> **TASK TO COMPLETE**
What is needed is a copy of each line in the listing below that contains "first".

> **RECORDS FOR THE TASK**
***
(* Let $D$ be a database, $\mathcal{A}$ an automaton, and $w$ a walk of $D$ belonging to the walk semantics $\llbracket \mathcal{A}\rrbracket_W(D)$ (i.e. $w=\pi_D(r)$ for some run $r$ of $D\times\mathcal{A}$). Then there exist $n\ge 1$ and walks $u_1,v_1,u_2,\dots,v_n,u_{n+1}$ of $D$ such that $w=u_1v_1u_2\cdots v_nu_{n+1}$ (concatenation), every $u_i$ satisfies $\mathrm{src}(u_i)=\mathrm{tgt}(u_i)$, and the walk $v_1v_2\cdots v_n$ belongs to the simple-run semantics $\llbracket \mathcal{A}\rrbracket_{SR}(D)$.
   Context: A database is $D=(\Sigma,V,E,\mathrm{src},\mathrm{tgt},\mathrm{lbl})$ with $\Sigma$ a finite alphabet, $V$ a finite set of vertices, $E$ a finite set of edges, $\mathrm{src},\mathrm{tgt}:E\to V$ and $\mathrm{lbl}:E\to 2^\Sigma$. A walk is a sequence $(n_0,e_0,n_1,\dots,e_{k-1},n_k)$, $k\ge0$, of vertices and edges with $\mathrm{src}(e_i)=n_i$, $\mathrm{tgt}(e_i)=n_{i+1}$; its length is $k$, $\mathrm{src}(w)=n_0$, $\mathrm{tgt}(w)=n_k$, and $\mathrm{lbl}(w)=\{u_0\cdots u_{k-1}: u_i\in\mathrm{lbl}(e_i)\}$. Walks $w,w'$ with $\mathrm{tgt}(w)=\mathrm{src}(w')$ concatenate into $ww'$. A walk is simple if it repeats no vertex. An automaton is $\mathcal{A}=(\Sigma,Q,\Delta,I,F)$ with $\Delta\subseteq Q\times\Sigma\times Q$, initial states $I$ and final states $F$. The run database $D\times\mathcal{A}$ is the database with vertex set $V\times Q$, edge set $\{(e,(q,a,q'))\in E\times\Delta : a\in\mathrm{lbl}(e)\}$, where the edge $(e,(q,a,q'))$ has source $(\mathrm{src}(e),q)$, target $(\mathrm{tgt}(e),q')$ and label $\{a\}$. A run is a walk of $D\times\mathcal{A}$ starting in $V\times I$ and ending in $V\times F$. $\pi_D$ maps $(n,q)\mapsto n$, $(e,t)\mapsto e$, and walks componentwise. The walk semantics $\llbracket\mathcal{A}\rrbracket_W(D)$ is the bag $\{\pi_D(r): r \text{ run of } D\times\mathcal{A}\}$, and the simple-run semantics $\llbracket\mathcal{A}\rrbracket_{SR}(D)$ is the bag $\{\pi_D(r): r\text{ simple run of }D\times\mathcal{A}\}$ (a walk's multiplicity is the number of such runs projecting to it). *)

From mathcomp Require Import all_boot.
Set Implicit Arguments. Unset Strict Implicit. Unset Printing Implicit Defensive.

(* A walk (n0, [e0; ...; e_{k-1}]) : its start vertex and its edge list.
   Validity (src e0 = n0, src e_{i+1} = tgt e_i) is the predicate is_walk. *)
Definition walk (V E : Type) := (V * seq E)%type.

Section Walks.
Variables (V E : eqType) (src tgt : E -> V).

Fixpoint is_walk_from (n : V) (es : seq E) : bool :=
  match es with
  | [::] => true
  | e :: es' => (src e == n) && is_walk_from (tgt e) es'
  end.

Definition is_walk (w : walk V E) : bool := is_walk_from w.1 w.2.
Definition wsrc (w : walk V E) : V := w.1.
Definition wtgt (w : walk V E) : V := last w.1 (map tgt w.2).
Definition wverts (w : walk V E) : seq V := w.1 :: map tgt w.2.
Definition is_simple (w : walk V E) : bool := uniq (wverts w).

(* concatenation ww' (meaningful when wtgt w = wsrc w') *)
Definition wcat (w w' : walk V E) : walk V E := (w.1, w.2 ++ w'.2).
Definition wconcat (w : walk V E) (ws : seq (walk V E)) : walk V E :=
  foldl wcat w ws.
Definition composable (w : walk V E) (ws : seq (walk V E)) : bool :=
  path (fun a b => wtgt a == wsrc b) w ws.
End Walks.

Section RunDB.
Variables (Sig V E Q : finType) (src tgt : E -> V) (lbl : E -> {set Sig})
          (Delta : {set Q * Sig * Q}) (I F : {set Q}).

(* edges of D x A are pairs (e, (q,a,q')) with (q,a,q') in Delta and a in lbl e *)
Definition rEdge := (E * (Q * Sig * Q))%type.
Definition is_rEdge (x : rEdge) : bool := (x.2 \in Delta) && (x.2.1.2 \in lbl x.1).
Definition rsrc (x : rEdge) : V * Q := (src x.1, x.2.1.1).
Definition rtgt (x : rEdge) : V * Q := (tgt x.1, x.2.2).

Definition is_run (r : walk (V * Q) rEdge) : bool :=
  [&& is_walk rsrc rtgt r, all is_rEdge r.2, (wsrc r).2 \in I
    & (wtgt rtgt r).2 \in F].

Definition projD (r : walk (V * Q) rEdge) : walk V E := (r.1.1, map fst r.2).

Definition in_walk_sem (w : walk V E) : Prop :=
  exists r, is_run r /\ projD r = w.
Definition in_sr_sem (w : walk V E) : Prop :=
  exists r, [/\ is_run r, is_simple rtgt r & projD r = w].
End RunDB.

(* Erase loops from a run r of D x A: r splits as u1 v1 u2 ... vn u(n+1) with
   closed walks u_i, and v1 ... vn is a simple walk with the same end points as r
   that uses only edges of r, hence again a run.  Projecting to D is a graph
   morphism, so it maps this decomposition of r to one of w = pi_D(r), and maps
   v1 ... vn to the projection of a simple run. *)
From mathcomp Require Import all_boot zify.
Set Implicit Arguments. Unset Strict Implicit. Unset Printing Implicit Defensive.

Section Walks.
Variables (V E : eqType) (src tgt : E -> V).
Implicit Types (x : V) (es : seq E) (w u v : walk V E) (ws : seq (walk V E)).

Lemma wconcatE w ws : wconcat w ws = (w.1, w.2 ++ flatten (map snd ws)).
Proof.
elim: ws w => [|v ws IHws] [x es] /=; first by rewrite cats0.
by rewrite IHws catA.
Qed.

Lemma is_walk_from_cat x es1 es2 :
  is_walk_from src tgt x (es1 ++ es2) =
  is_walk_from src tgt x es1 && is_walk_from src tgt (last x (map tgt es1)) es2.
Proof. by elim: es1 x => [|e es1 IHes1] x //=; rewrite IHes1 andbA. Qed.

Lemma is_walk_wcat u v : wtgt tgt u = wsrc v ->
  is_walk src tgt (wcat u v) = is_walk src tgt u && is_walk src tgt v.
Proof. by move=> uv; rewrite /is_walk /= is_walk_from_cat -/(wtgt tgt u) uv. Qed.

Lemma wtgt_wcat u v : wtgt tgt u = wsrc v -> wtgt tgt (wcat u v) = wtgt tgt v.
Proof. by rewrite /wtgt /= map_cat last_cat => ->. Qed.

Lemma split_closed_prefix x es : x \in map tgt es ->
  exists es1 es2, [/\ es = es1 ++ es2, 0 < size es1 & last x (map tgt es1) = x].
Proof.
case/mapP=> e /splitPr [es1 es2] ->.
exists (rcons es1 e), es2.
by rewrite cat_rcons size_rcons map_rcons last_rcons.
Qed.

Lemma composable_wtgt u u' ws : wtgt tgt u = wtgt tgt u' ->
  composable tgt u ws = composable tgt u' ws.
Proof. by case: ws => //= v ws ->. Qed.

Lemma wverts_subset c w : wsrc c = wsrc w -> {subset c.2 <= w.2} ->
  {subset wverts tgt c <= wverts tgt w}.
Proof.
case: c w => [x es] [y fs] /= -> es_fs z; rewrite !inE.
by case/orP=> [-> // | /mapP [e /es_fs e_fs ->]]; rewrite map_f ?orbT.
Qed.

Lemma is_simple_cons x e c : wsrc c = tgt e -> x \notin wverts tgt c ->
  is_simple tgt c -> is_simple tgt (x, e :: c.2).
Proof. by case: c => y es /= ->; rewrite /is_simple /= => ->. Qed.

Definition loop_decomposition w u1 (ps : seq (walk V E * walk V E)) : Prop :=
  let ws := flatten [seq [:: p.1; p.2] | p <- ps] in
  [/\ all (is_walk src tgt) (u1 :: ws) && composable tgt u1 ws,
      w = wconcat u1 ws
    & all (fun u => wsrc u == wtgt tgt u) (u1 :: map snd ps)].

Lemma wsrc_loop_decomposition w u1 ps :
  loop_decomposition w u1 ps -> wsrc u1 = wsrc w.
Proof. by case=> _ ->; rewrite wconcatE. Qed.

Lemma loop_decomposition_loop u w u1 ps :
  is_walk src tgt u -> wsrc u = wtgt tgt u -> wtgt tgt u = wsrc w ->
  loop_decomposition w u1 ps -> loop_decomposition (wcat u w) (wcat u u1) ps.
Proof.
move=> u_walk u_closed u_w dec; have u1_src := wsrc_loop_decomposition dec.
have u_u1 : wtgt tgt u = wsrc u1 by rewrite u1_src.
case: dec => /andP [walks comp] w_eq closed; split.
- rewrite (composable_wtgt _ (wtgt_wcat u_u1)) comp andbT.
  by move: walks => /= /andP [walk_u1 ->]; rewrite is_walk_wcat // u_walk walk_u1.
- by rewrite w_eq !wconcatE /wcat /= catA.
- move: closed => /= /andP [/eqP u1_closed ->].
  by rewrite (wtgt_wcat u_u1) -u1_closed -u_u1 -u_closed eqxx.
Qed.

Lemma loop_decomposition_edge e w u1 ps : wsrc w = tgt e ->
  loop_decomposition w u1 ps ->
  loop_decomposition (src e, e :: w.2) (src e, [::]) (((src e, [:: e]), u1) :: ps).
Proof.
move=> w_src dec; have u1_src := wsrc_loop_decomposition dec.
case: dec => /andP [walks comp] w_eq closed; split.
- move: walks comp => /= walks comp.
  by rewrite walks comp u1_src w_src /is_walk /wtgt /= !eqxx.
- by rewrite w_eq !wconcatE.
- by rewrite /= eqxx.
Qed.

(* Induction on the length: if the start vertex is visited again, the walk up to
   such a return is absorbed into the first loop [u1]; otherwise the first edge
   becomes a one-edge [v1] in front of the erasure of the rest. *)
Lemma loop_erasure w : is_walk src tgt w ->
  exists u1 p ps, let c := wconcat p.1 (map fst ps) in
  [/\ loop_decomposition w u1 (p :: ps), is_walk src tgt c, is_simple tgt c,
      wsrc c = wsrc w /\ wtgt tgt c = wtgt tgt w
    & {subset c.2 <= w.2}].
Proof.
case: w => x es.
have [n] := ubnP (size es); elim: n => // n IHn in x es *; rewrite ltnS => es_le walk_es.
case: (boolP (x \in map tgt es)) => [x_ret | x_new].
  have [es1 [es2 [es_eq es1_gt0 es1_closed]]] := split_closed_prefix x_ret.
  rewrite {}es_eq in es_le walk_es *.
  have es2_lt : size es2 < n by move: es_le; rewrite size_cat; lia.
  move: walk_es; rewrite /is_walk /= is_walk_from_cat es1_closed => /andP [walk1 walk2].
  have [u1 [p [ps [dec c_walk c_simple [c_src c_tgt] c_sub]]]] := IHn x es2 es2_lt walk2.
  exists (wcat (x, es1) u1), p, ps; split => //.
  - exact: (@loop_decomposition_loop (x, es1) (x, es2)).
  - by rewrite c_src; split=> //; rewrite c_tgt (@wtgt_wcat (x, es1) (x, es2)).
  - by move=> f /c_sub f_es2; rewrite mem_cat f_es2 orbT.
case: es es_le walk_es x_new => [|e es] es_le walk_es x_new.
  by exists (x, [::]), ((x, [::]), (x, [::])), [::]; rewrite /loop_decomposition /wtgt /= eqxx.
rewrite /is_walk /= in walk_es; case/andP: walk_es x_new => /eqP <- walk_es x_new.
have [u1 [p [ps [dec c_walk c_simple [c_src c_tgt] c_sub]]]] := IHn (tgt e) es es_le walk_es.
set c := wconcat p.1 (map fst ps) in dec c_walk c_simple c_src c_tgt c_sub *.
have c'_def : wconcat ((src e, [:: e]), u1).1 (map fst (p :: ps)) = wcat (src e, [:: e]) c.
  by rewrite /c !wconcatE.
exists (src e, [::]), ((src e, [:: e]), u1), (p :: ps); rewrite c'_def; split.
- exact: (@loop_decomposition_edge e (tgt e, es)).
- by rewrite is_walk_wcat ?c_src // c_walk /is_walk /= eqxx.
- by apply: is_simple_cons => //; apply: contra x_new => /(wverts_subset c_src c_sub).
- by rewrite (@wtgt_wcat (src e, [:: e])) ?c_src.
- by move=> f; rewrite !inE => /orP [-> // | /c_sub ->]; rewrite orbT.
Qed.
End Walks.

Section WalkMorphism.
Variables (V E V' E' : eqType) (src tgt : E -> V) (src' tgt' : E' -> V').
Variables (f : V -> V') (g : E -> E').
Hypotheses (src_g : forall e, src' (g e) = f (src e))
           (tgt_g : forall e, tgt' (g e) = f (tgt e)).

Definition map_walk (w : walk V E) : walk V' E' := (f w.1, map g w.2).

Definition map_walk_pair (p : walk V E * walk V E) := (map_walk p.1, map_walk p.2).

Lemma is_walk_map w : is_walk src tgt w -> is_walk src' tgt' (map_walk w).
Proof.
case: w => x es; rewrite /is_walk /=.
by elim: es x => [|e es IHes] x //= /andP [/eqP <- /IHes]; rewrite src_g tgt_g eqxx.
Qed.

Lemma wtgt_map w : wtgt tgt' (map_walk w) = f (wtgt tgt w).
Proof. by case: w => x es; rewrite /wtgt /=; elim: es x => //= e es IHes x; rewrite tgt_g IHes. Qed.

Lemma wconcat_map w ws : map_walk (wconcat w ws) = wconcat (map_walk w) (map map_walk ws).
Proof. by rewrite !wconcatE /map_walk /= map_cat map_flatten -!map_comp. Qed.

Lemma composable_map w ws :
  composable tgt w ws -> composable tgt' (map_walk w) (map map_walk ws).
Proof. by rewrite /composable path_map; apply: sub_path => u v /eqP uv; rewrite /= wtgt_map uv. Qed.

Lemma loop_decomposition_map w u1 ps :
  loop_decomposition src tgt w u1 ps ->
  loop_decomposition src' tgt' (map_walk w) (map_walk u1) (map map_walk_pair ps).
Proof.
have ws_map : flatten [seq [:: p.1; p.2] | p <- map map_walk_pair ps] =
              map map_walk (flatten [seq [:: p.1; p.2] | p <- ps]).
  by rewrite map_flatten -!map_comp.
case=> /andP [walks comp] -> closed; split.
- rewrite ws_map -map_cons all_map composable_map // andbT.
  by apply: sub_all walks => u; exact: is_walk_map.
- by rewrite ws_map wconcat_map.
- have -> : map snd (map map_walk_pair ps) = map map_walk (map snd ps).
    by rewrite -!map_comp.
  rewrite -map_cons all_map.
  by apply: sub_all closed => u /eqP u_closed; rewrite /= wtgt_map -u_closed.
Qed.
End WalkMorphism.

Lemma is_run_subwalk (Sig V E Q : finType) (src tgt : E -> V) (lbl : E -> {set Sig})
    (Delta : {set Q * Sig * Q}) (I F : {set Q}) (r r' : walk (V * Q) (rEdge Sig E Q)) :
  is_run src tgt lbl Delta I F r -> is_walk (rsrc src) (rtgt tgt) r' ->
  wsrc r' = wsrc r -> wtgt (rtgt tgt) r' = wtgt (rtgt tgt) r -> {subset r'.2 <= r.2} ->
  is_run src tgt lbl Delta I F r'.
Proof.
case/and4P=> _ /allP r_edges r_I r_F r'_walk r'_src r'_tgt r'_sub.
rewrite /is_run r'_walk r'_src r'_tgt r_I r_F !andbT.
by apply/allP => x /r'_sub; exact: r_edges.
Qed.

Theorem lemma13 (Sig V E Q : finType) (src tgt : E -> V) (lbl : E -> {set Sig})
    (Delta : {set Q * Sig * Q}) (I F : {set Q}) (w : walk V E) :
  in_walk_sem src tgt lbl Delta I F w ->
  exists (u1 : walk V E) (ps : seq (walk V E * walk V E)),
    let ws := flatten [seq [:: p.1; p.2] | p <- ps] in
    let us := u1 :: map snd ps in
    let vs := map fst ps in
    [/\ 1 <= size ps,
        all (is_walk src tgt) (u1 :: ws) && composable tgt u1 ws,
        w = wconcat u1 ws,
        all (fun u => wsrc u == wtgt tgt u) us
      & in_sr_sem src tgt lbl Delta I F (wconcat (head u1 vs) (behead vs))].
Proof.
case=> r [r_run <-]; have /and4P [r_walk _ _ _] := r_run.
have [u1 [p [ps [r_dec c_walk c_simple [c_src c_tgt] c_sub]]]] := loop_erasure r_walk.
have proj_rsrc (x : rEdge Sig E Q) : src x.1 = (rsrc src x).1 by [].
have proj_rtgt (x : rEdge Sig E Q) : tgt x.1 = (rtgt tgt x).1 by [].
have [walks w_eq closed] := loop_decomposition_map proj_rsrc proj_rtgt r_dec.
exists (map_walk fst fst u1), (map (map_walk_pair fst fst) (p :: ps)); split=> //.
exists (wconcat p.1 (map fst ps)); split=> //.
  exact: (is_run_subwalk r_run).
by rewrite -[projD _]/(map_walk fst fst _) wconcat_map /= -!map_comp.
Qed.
***
> **EXPECTED ANSWER**
elim: ws w => [|v ws IHws] [x es] /=; first by rewrite cats0.
   such a return is absorbed into the first loop [u1]; otherwise the first edge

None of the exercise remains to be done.